Bokstrom alludes to problems that result when pulp pH is lowered too far, but fails to note the important benefits that can be gained by doing so. In fact, Bokstrom avoids certain pH conditions because of undesirable reactions with residual lignin (col. 2, line 14). Bokstrom balances sodium desorption with lignin removal to wash pulp with more efficient use of chemicals.
In a paper by White discussing Bokstrom's technique, White notes that CO.sub.2 addition must occur at the end of the wash line to avoid lignin precipitation (p. 54). (See: White, "Carbon Dioxide on Pulp During Washing in the Minimum Impact Mill." Pulp Washing '96, Tappi (October 1996).

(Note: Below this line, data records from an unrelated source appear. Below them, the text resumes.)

(* Let $X$ be a rearrangement invariant space on $[0,1]$ which is an interpolation space between $L^1([0,1])$ and $L^\infty([0,1])$, and let $(w_{n_k})$ be a $q$-lacunary sequence of Walsh functions with $q>1$. Then $(w_{n_k})$ is a basic sequence in $X$, i.e. there is a constant $K>0$ such that $\|\sum_{k=1}^Ma_kw_{n_k}\|_X\le K\|\sum_{k=1}^Na_kw_{n_k}\|_X$ for all $M<N$ and all real $a_1,\dots,a_N$.
   Context: $m$ is Lebesgue measure. A Banach function space $X$ over $[0,1]$ is a linear space of measurable functions with a complete norm such that $g\in X$, $|f|\le|g|$ a.e. imply $f\in X$, $\|f\|_X\le\|g\|_X$; it is rearrangement invariant (r.i.) if equimeasurable functions have equal norms (and membership). $X$ is an interpolation space between $L^1$ and $L^\infty$ if $L^\infty\subset X\subset L^1$ continuously and every linear operator bounded on $L^1$ and on $L^\infty$ is bounded on $X$. Rademacher functions $r_k(t)=\mathrm{sign}\sin(2^k\pi t)$; Walsh functions (Paley numbering) $w_0=1$, $w_k=r_1^{a_1}\cdots r_n^{a_n}$ for $k=\sum_{i=1}^na_i2^{i-1}$, $a_i\in\{0,1\}$. $(w_{n_k})$ is $q$-lacunary if $n_{k+1}/n_k\ge q$ for all $k$. *)

From mathcomp Require Import all_boot all_order all_algebra.
From mathcomp Require Import all_classical all_reals all_analysis.
Set Implicit Arguments. Unset Strict Implicit. Unset Printing Implicit Defensive.
Import Order.TTheory GRing.Theory Num.Theory.
Import numFieldNormedType.Exports.
Local Open Scope classical_set_scope.
Local Open Scope ring_scope.

Section Defs.
Variable R : realType.
Notation mu := (@lebesgue_measure R).
Notation I01 := (`[0%R, 1%R]%classic : set R).

Definition ae_eq01 (f g : R -> R) : Prop :=
  {ae mu, forall x, I01 x -> f x = g x}.

Definition ae_bdd01 (f : R -> R) (M : R) : Prop :=
  {ae mu, forall x, I01 x -> `|f x| <= M}.

Definition L1norm (f : R -> R) : \bar R :=
  (\int[mu]_(x in I01) (`|f x|)%:E)%E.

(* A Banach function (lattice) norm on measurable functions on [0,1];
   the space X is {f measurable on [0,1] | rho f < +oo}. *)
Definition inX (rho : (R -> R) -> \bar R) (f : R -> R) : Prop :=
  measurable_fun I01 f /\ (rho f < +oo)%E.

Definition banach_function_norm (rho : (R -> R) -> \bar R) : Prop :=
  [/\ (forall f : R -> R, measurable_fun I01 f -> (0 <= rho f)%E),
      (forall f : R -> R, measurable_fun I01 f -> (rho f = 0%E <-> ae_eq01 f (fun=> 0))),
      (forall (a : R) f, measurable_fun I01 f ->
          rho (fun x => a * f x) = (`|a|%:E * rho f)%E),
      (forall f g : R -> R, measurable_fun I01 f -> measurable_fun I01 g ->
          (rho (fun x => (f x + g x)%R) <= rho f + rho g)%E) &
      (forall f g : R -> R, measurable_fun I01 f -> measurable_fun I01 g ->
          {ae mu, forall x, I01 x -> (`|f x| <= `|g x|)%R} -> (rho f <= rho g)%E)] /\
      (forall u : nat -> R -> R, (forall n, inX rho (u n)) ->
         (forall e : R, 0 < e -> exists N, forall m n, (N <= m)%N -> (N <= n)%N ->
              (rho (fun x => (u n x - u m x)%R) <= e%:E)%E) ->
         exists f, inX rho f /\
           (forall e : R, 0 < e -> exists N, forall n, (N <= n)%N ->
              (rho (fun x => (u n x - f x)%R) <= e%:E)%E)).

Definition rearrangement_invariant (rho : (R -> R) -> \bar R) : Prop :=
  forall f g : R -> R, measurable_fun I01 f -> measurable_fun I01 g ->
    (forall t : R, mu (I01 `&` [set x | t < `|f x|]) =
                   mu (I01 `&` [set x | t < `|g x|])) ->
    rho f = rho g.

(* T (defined on L^1[0,1] = L^1 + L^oo) is linear (modulo a.e. equality) *)
Definition ae_linear (T : (R -> R) -> (R -> R)) : Prop :=
  forall (f g : R -> R) (a b : R), mu.-integrable I01 (EFin \o f) ->
    mu.-integrable I01 (EFin \o g) ->
    ae_eq01 (T (fun x => a * f x + b * g x)) (fun x => a * T f x + b * T g x).

Definition bounded_L1 (T : (R -> R) -> (R -> R)) : Prop :=
  exists C : R, forall f, mu.-integrable I01 (EFin \o f) ->
    mu.-integrable I01 (EFin \o T f) /\ (L1norm (T f) <= C%:E * L1norm f)%E.

Definition bounded_Linf (T : (R -> R) -> (R -> R)) : Prop :=
  exists C : R, forall f (M : R), mu.-integrable I01 (EFin \o f) ->
    ae_bdd01 f M -> ae_bdd01 (T f) (C * M).

Definition bounded_on_X (rho : (R -> R) -> \bar R) (T : (R -> R) -> (R -> R)) :
  Prop := exists C : R, forall f, inX rho f -> inX rho (T f) /\
    (rho (T f) <= C%:E * rho f)%E.

Definition interpolation_L1_Linf (rho : (R -> R) -> \bar R) : Prop :=
  [/\
      (exists C : R, forall f (M : R), measurable_fun I01 f ->
          ae_bdd01 f M -> (rho f <= (C * M)%:E)%E),
      (exists C : R, forall f, inX rho f ->
          mu.-integrable I01 (EFin \o f) /\ (L1norm f <= C%:E * rho f)%E) &
      (forall T, ae_linear T -> bounded_L1 T -> bounded_Linf T ->
          bounded_on_X rho T)].

Definition rademacher (k : nat) (t : R) : R :=
  Num.sg (sin (2 ^+ k * pi * t)).

(* Walsh functions, Paley numbering: w_n = prod_i r_{i+1}^{a_i},
   n = sum_i a_i 2^i (bits a_i of n) *)
Definition walsh (n : nat) (t : R) : R :=
  \prod_(i < n) (if odd (n %/ 2 ^ i) then rademacher i.+1 t else 1).

Definition lacunary (q : R) (n : nat -> nat) : Prop :=
  forall k, (0 < n k)%N /\ q * (n k)%:R <= (n k.+1)%:R.

End Defs.

From mathcomp Require Import all_boot all_order all_algebra.
From mathcomp Require Import all_classical all_reals all_analysis.
From mathcomp Require Import measurable_realfun.
From mathcomp Require Import ring lra zify.
Import Order.TTheory GRing.Theory Num.Theory.
Import numFieldNormedType.Exports.

(* A Walsh function w_n with n < 2^J is constant on each dyadic interval of
   length 2^-J, so a Walsh polynomial is a step function indexed by m < 2^J.
   Flipping one binary digit of m permutes these intervals, which preserves
   the norm of a rearrangement invariant space.  Averaging a Walsh polynomial
   with its flipped copy, up to a sign, keeps exactly the terms whose index
   has a prescribed binary digit, and by the triangle inequality it does not
   increase the norm; iterating, the projection onto the indices with finitely
   many prescribed digits is a contraction.
   For M < N let 2^j <= n_M < 2^(j+1).  The partial sum S_M is the projection
   of S_N onto the indices below 2^j plus the terms k < M with n_k >= 2^j;
   each of these is itself a projection of S_N, and by lacunarity there are at
   most L of them, L depending only on q.  Hence ||S_M|| <= (1 + L) ||S_N||. *)

Set Implicit Arguments.
Unset Strict Implicit.
Unset Printing Implicit Defensive.

Definition bitn (i n : nat) : bool := odd (n %/ 2 ^ i).

Definition flipbit (i n : nat) : nat :=
  if bitn i n then n - 2 ^ i else n + 2 ^ i.

Lemma bitn0 n : bitn 0 n = odd n.
Proof. by rewrite /bitn expn0 divn1. Qed.

Lemma bitnS i n : bitn i.+1 n = bitn i n./2.
Proof. by rewrite /bitn -divn2 -divnMA -expnS. Qed.

Lemma bitn_small i n : n < 2 ^ i -> bitn i n = false.
Proof. by move=> h; rewrite /bitn divn_small. Qed.

Lemma bitn_index_lt J i n : n < 2 ^ J -> bitn i n -> i < J.
Proof.
move=> hn; apply: contraTT; rewrite -leqNgt => hJ.
by rewrite bitn_small // (leq_trans hn) // leq_exp2l.
Qed.

Lemma flipbit0 m : (flipbit 0 m)./2 = m./2 /\ odd (flipbit 0 m) = ~~ odd m.
Proof. by rewrite /flipbit bitn0 expn0; case: ifP; lia. Qed.

Lemma flipbitS i m :
  (flipbit i.+1 m)./2 = flipbit i m./2 /\ odd (flipbit i.+1 m) = odd m.
Proof.
rewrite /flipbit bitnS expnS mul2n; have := expn_gt0 2 i.
case: ifP => //; [move=> hi|lia].
have : (2 ^ i <= m./2) by rewrite leqNgt; apply: contraTN hi => /bitn_small ->.
lia.
Qed.

Lemma bitn_flipbit i j m : bitn j (flipbit i m) = bitn j m (+) (j == i).
Proof.
elim: j i m => [|j IH] [|i] m.
- by rewrite !bitn0 (flipbit0 m).2; case: (odd m).
- by rewrite !bitn0 (flipbitS i m).2 addbF.
- by rewrite !bitnS (flipbit0 m).1 addbF.
- by rewrite !bitnS (flipbitS i m).1 IH eqSS.
Qed.

Lemma flipbitK i : involutive (flipbit i).
Proof.
move=> m; have := bitn_flipbit i i m; rewrite eqxx addbT {2}/flipbit.
case hm: (bitn i m) => /= hf; rewrite {1}/flipbit hf /flipbit hm ?addnK //.
by rewrite subnK // leqNgt; apply: contraTN hm => /bitn_small ->.
Qed.

Lemma flipbit_lt J i m : i < J -> m < 2 ^ J -> flipbit i m < 2 ^ J.
Proof.
elim: J i m => [//|J IH] [|i] m hi; rewrite expnS; have := expn_gt0 2 J.
- by rewrite /flipbit bitn0 expn0; case: ifP; lia.
- have [h1 h2] := flipbitS i m; have := IH i m./2 hi; lia.
Qed.

Lemma eq_bitn J n n' : n < 2 ^ J -> n' < 2 ^ J ->
  (forall i, i < J -> bitn i n = bitn i n') -> n = n'.
Proof.
elim: J n n' => [|J IH] n n'; first by rewrite expn0; lia.
rewrite expnS => hn hn' hb; have := hb 0 isT; rewrite !bitn0.
have : n./2 = n'./2.
  by apply: IH => [||i hi]; [lia|lia|rewrite -!bitnS hb].
lia.
Qed.

Lemma ltn_exp_bitn J j n : n < 2 ^ J -> j <= J ->
  n < 2 ^ j <-> (forall i, j <= i < J -> bitn i n = false).
Proof.
move=> hn hj; split=> [h i /andP[hi _]|h].
  by rewrite bitn_small // (leq_trans h) // leq_exp2l.
rewrite ltnNge; apply/negP => hjn.
have n0 : (0 < n) by rewrite (leq_trans _ hjn) ?expn_gt0.
have /andP[hi1 hi2] := trunc_log_bounds (isT : 1 < 2) n0.
set i := trunc_log 2 n in hi1 hi2.
have hji : (j <= i) by rewrite -ltnS -(@ltn_exp2l 2) // (leq_ltn_trans hjn).
have hiJ : (i < J) by rewrite -(@ltn_exp2l 2) // (leq_ltn_trans hi1).
suff e : n %/ 2 ^ i = 1 by move: (h i); rewrite hji hiJ /bitn e => /(_ isT).
apply/eqP; rewrite eqn_leq divn_gt0 ?expn_gt0 // hi1 andbT.
by rewrite -ltnS ltn_divLR ?expn_gt0 // -expnS.
Qed.

Lemma ltn_exp_sum j N (nn : nat -> nat) k :
  k < N -> nn k < 2 ^ (j + \sum_(l < N) nn l).
Proof.
move=> hk; apply: leq_trans (ltn_expl _ (isT : 1 < 2)) _.
by rewrite leq_exp2l // (bigD1 (Ordinal hk)) //= addnCA leq_addr.
Qed.

Local Open Scope classical_set_scope.
Local Open Scope ring_scope.

Lemma measurable_sum_cond (d : measure_display) (T : measurableType d) (R : realType)
    (D : set T) (I : Type) (r : seq I) (P : pred I) (f : I -> T -> R) :
  (forall i, measurable_fun D (f i)) ->
  measurable_fun D (fun x => \sum_(i <- r | P i) f i x).
Proof.
move=> mf; under eq_fun do rewrite big_mkcond; apply: measurable_sum => i.
by case: (P i); [exact: mf | exact: measurable_cst].
Qed.

Section dyadic_intervals.
Variable R : realType.

Lemma sgr_sin_pi (p : nat) (x : R) :
  p%:R < x < p.+1%:R -> Num.sg (sin (pi * x)) = (-1) ^+ p.
Proof.
elim: p x => [|p IH] x /andP[h1 h2].
  rewrite expr0; apply: gtr0_sg; apply: sin_gt0_pi.
  by rewrite mulr_gt0 ?pi_gt0 //= -[ltRHS]mulr1 ltr_pM2l ?pi_gt0.
have -> : pi * x = pi * (x - 1) + pi by ring.
rewrite sinDpi sgrN IH ?exprS ?mulN1r //.
by rewrite ltrBrDr ltrBlDr -!natr1 in h1 h2 *; rewrite h1 h2.
Qed.

Definition dyadic_itv (J m : nat) : set R :=
  `](m%:R / 2 ^+ J), (m.+1%:R / 2 ^+ J)[%classic.

Lemma dyadic_itvP J m t :
  dyadic_itv J m t <-> m%:R < t * 2 ^+ J < m.+1%:R.
Proof.
have p : (0 : R) < 2 ^+ J by apply: exprn_gt0.
by rewrite /dyadic_itv /= in_itv /= ltr_pdivrMr // ltr_pdivlMr.
Qed.

(* The k-th Rademacher function reads the binary digit of weight 2^-k. *)
Lemma rademacher_dyadic J m k t : (0 < k <= J)%N -> dyadic_itv J m t ->
  rademacher k t = (-1) ^+ bitn (J - k) m.
Proof.
move=> /andP[k0 kJ] /dyadic_itvP /andP[h1 h2].
rewrite /rademacher -mulrA [_ * (pi * _)]mulrCA (@sgr_sin_pi (m %/ 2 ^ (J - k))).
  by rewrite -signr_odd.
have hd : (0 : R) < (2 ^ (J - k))%:R by rewrite ltr0n expn_gt0.
have e : t * 2 ^+ J = 2 ^+ k * t * (2 ^ (J - k))%:R.
  by rewrite [2 ^+ k * t]mulrC -mulrA natrX -exprD subnKC.
rewrite e in h1 h2; rewrite -(ltr_pM2r hd) -(ltr_pM2r hd (2 ^+ k * t)) -!natrM.
apply/andP; split; [apply: le_lt_trans _ h1 | apply: lt_le_trans h2 _]; rewrite ler_nat.
  exact: leq_trunc_div.
by rewrite ltn_ceil ?expn_gt0.
Qed.

Lemma measurable_rademacher k : measurable_fun setT (@rademacher R k).
Proof.
have sgr_nd : {homo (@Num.sg R) : x y / x <= y}.
  by move=> x y hxy; case: (sgrP x) => hx; case: (sgrP y) => hy //; lra.
apply: measurableT_comp; first exact: nondecreasing_measurable sgr_nd.
apply: continuous_measurable_fun => x; apply: continuous_comp; last exact: continuous_sin.
by apply: continuousM; [exact: cst_continuous | exact: cvg_id].
Qed.

Lemma measurable_walsh n : measurable_fun setT (@walsh R n).
Proof.
apply: (measurable_prod (s := index_enum 'I_n)) => i _.
by case: (odd _); [exact: measurable_rademacher | exact: measurable_cst].
Qed.

Lemma measurable_walshZ (c : R) n : measurable_fun setT (fun t => c * walsh n t).
Proof. by apply: measurable_funM; [exact: measurable_cst | exact: measurable_walsh]. Qed.

Lemma measurable_walsh_sum (I : Type) (r : seq I) (P : pred I) (c : I -> R)
    (nn : I -> nat) :
  measurable_fun setT (fun t => \sum_(i <- r | P i) c i * walsh (nn i) t).
Proof. by apply: measurable_sum_cond => i; exact: measurable_walshZ. Qed.

Definition walsh_dyadic (J n m : nat) : R :=
  \prod_(i < n) (if bitn i n then (-1) ^+ bitn (J - i.+1) m else 1).

Lemma walsh_on_dyadic J n m t : (n < 2 ^ J)%N -> dyadic_itv J m t ->
  walsh n t = walsh_dyadic J n m.
Proof.
move=> hn hD; apply: eq_bigr => i _; rewrite -/(bitn i n).
case hb: (bitn i n) => //; apply: rademacher_dyadic hD.
by rewrite ltn0Sn; exact: bitn_index_lt hb.
Qed.

Lemma walsh_dyadic_flipbit J n i m : (n < 2 ^ J)%N -> (i < J)%N ->
  walsh_dyadic J n (flipbit (J - i.+1) m) = (-1) ^+ bitn i n * walsh_dyadic J n m.
Proof.
move=> hn hi.
have digit l : (if bitn l n then (-1) ^+ bitn (J - l.+1) (flipbit (J - i.+1) m) else 1)
    = (if l == i then (-1) ^+ bitn i n else 1) *
      (if bitn l n then (-1) ^+ bitn (J - l.+1) m else 1) :> R.
  rewrite bitn_flipbit signr_addb.
  case: (eqVneq l i) => [->|nli]; case hb: (bitn _ n); rewrite ?mul1r ?mulr1 //.
    by rewrite eqxx mulrC.
  have lJ := bitn_index_lt hn hb.
  by rewrite (_ : (J - l.+1 == J - i.+1)%N = false) ?mulr1 //; apply/eqP; lia.
rewrite /walsh_dyadic (eq_bigr _ (fun (l : 'I_n) _ => digit l)) big_split /=; congr (_ * _).
case: (ltnP i n) => hin.
  rewrite (bigD1 (Ordinal hin)) //= eqxx big1 ?mulr1 // => l.
  by rewrite -val_eqE => /negbTE ->.
have nsmall : (n < 2 ^ i)%N.
  by rewrite (leq_trans (ltn_expl n (isT : (1 < 2)%N))) // leq_exp2l.
by rewrite bitn_small // big1 // => l _; case: eqP.
Qed.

In the above-described prior art, the yield improvement solutions require significant changes to existing equipment, e.g., use of additives to protect the cellulose, pulp cooking to retain lignin rather than precipitate and, in sorption cooking, lowering the pH of the black liquor at the end of cooking to precipitate lignin.
It is therefore an object of the invention to improve the pulp yield of unbleached pulp emerging from a Kraft cooking process.
It is a further object of the invention to provide an economic means for increasing pulp yield in unbleached pulp mills, without requiring substantial modifications to mill equipment.